» **TASK PROMPT**
Please copy out all lines of the entries that contain the word "eqxx".

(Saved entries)
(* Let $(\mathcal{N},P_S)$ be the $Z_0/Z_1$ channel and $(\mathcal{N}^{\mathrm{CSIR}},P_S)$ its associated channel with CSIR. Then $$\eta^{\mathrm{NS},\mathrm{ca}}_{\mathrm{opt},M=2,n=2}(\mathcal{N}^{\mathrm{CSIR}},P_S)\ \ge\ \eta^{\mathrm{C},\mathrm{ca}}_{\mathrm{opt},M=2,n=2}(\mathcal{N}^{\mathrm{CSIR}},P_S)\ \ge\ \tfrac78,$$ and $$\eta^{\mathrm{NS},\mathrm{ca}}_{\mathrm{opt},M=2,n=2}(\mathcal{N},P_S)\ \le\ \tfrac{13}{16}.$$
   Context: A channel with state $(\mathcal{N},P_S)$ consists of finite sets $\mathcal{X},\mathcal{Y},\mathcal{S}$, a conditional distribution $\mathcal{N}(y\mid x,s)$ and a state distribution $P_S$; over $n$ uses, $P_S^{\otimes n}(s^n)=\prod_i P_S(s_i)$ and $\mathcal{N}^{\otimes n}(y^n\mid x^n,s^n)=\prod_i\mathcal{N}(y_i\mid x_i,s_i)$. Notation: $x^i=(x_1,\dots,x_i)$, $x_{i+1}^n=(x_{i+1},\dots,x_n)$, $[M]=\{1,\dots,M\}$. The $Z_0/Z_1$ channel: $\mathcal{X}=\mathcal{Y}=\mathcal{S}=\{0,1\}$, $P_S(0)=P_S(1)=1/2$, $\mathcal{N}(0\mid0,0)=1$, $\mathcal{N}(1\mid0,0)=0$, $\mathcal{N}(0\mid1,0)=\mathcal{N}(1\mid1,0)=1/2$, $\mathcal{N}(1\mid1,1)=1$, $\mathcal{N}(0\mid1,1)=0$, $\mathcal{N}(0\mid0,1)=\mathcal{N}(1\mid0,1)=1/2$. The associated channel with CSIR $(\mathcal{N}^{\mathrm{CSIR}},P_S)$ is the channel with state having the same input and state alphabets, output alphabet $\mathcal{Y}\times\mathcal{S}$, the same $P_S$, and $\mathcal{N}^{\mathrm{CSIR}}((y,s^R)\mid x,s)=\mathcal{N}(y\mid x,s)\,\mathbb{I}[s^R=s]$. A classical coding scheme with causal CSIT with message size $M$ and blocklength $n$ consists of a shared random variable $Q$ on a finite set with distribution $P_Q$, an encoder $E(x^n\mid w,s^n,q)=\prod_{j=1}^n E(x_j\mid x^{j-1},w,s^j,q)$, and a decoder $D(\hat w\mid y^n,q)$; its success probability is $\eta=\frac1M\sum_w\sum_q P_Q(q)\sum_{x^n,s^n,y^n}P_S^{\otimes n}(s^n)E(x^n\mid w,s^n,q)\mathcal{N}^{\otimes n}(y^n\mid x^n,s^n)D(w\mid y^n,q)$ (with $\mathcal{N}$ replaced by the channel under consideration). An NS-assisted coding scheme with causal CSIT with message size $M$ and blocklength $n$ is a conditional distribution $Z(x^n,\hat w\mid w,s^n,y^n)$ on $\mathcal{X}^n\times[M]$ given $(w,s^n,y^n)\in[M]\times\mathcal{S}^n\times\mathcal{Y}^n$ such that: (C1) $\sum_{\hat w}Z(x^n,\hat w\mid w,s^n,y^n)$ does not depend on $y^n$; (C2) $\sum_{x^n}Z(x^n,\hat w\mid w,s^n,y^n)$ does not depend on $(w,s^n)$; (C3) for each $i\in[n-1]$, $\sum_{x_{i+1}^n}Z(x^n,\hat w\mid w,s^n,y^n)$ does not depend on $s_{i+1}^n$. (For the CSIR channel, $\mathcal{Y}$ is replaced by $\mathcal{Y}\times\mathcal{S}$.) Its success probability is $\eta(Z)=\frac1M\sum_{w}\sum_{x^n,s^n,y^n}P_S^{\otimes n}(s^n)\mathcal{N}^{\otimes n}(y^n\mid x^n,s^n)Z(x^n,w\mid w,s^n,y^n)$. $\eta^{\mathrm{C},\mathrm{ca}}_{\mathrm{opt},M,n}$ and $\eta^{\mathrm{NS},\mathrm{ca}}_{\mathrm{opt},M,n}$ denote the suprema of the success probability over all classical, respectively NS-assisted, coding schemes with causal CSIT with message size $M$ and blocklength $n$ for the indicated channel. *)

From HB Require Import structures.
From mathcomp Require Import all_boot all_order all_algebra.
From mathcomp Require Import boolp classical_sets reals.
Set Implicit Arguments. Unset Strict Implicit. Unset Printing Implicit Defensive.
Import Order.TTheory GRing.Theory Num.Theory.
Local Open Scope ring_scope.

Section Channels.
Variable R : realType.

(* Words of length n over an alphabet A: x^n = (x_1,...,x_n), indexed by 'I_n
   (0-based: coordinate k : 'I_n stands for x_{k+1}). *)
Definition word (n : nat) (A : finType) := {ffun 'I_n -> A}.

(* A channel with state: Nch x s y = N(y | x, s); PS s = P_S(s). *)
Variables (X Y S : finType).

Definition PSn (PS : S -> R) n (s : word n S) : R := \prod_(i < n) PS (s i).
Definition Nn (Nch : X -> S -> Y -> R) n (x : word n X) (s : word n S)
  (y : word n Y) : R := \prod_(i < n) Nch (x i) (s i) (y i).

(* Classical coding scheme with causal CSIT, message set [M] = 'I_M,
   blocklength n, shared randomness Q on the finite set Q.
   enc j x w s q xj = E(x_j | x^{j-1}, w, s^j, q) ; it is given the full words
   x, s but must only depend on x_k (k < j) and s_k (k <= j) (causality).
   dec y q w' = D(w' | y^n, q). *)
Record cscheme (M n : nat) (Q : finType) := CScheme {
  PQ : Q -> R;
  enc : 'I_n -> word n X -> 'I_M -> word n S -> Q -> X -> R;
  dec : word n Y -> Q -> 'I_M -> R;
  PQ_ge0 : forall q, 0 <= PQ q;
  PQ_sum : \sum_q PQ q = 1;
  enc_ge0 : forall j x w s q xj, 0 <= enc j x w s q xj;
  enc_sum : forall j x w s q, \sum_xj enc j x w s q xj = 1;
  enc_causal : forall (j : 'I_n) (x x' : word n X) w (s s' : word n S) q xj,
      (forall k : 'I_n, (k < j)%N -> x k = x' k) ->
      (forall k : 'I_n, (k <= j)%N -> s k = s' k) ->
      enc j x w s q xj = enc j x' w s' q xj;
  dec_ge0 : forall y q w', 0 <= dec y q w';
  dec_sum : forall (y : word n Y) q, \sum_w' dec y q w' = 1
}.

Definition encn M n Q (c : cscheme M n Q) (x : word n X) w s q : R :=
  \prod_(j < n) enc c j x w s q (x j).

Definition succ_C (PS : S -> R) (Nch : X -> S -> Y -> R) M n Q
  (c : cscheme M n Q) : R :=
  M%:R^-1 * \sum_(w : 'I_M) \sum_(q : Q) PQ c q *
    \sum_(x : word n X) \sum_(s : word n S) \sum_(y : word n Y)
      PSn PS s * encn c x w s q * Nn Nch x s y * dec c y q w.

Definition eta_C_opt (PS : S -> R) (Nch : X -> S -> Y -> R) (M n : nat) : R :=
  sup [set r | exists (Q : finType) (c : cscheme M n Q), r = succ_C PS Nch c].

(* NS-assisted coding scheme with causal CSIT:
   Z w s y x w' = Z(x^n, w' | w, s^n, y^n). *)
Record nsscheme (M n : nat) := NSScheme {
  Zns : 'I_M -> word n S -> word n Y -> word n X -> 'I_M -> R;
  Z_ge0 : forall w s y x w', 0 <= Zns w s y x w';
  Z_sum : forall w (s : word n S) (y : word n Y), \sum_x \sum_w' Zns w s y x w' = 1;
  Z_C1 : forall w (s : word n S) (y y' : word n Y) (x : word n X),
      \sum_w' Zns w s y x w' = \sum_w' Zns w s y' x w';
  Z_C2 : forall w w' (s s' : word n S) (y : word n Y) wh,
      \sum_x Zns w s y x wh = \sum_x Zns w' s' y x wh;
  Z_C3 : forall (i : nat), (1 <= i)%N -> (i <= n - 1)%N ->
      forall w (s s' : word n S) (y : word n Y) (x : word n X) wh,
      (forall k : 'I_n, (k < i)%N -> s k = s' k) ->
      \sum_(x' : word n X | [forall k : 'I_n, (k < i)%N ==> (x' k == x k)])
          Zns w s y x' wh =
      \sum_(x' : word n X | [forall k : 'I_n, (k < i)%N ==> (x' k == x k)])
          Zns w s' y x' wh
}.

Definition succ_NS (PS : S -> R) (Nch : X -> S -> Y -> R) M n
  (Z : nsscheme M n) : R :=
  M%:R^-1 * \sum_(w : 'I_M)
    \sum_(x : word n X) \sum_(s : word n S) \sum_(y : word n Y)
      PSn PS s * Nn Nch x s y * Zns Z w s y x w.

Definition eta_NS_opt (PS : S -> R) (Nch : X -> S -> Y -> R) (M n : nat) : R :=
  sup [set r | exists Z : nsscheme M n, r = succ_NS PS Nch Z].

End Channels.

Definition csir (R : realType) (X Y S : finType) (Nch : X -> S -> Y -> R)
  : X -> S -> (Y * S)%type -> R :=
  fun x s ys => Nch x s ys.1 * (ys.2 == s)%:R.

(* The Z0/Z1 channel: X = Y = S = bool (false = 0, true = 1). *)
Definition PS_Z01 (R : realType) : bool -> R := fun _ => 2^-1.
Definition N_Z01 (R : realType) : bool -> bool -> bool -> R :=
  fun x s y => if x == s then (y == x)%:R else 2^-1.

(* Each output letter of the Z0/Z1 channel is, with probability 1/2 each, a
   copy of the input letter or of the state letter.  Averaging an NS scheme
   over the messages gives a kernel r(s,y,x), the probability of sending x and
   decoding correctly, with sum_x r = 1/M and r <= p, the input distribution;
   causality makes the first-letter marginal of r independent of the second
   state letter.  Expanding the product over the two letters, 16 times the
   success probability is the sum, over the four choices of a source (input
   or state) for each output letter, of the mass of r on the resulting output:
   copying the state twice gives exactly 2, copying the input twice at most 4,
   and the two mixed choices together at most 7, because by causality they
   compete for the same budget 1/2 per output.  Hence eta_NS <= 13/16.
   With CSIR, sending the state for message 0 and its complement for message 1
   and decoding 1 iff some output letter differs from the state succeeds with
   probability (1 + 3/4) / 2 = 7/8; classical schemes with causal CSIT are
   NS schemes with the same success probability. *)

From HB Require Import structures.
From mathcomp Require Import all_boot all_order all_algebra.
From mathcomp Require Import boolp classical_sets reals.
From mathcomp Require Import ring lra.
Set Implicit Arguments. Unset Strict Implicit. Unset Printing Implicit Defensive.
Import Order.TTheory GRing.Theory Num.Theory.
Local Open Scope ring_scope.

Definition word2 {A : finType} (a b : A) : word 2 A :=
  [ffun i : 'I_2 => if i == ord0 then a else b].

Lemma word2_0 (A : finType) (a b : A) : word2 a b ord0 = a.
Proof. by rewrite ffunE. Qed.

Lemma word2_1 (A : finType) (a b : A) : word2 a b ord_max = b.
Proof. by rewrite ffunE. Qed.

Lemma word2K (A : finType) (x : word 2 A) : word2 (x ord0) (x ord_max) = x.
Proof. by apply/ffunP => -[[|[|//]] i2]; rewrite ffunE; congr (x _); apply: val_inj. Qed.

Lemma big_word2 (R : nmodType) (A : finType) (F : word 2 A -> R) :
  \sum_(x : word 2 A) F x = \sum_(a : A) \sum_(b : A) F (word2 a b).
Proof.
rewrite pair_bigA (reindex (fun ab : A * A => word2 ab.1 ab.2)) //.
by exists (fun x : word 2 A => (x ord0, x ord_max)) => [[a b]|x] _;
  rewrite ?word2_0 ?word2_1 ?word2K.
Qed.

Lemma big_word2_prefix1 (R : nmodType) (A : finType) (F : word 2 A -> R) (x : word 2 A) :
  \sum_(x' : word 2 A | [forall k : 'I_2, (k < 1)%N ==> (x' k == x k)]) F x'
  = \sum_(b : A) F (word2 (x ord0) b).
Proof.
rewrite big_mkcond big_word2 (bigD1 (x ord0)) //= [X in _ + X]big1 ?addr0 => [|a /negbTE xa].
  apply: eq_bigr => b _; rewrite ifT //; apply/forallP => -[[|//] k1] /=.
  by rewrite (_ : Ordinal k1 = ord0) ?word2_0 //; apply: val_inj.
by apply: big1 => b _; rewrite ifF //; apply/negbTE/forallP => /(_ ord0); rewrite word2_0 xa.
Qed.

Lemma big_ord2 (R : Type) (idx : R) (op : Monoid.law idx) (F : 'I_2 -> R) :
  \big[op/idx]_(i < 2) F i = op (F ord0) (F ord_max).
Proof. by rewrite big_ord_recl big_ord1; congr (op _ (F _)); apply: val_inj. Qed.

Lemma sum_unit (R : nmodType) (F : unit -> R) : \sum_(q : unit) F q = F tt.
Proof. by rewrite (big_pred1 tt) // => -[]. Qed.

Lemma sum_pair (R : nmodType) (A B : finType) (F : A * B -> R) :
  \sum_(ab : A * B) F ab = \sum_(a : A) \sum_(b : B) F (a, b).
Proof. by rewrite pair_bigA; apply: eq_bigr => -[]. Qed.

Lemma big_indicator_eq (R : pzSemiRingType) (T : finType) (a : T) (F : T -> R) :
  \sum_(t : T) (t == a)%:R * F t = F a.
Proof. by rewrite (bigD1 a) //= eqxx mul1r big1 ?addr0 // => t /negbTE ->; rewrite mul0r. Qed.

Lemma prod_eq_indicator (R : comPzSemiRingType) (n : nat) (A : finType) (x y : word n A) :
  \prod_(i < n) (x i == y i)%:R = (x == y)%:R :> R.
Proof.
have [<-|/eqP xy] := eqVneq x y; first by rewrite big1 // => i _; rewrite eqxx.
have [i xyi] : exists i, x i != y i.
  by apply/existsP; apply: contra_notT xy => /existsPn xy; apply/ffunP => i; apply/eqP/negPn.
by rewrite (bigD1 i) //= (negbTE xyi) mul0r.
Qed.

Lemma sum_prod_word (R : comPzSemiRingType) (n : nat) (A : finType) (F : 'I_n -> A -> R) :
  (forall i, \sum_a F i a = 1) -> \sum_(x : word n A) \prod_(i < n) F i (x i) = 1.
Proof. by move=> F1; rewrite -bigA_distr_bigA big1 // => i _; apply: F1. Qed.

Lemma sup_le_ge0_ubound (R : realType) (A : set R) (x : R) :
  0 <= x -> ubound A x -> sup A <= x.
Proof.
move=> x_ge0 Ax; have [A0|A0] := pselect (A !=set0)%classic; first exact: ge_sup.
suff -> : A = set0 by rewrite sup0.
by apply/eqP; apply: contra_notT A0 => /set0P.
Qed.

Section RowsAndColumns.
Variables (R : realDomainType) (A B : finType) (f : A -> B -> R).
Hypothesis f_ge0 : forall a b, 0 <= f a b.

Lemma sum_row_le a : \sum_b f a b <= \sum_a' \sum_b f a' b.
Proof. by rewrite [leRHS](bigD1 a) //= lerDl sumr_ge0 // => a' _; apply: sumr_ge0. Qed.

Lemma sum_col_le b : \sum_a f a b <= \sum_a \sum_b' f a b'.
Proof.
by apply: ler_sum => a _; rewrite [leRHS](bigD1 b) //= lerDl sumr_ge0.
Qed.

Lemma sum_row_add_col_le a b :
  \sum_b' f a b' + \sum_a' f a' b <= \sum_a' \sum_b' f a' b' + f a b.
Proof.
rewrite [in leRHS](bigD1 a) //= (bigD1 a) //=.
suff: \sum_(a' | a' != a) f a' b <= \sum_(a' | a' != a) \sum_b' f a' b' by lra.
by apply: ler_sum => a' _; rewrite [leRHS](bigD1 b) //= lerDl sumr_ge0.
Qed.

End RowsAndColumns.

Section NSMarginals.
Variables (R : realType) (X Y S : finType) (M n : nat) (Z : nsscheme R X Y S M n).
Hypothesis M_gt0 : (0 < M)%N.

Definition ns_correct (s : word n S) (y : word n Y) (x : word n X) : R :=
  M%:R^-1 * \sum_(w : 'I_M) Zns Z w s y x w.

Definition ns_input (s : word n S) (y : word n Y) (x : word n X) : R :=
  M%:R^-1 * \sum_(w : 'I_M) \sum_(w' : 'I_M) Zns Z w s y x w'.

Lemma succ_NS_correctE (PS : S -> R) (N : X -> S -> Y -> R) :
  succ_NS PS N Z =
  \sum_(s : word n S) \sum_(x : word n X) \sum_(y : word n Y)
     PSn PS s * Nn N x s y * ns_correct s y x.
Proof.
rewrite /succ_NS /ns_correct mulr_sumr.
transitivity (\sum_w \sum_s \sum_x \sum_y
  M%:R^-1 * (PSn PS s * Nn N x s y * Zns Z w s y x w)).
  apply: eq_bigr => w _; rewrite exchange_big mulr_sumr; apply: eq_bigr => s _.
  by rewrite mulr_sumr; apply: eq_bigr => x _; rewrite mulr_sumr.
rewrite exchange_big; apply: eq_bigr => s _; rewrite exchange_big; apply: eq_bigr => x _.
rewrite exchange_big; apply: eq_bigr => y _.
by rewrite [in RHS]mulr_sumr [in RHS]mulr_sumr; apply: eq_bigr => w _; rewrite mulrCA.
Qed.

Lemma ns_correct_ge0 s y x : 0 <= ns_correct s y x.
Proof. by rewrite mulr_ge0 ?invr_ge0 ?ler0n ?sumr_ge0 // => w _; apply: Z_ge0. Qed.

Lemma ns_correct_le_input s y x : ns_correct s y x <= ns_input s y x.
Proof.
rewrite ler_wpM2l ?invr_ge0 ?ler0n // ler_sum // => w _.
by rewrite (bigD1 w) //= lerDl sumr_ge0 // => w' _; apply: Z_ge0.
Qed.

» **SOLUTION TO THIS TASK**
Proof. by rewrite (bigD1 a) //= eqxx mul1r big1 ?addr0 // => t /negbTE ->; rewrite mul0r. Qed.
have [<-|/eqP xy] := eqVneq x y; first by rewrite big1 // => i _; rewrite eqxx.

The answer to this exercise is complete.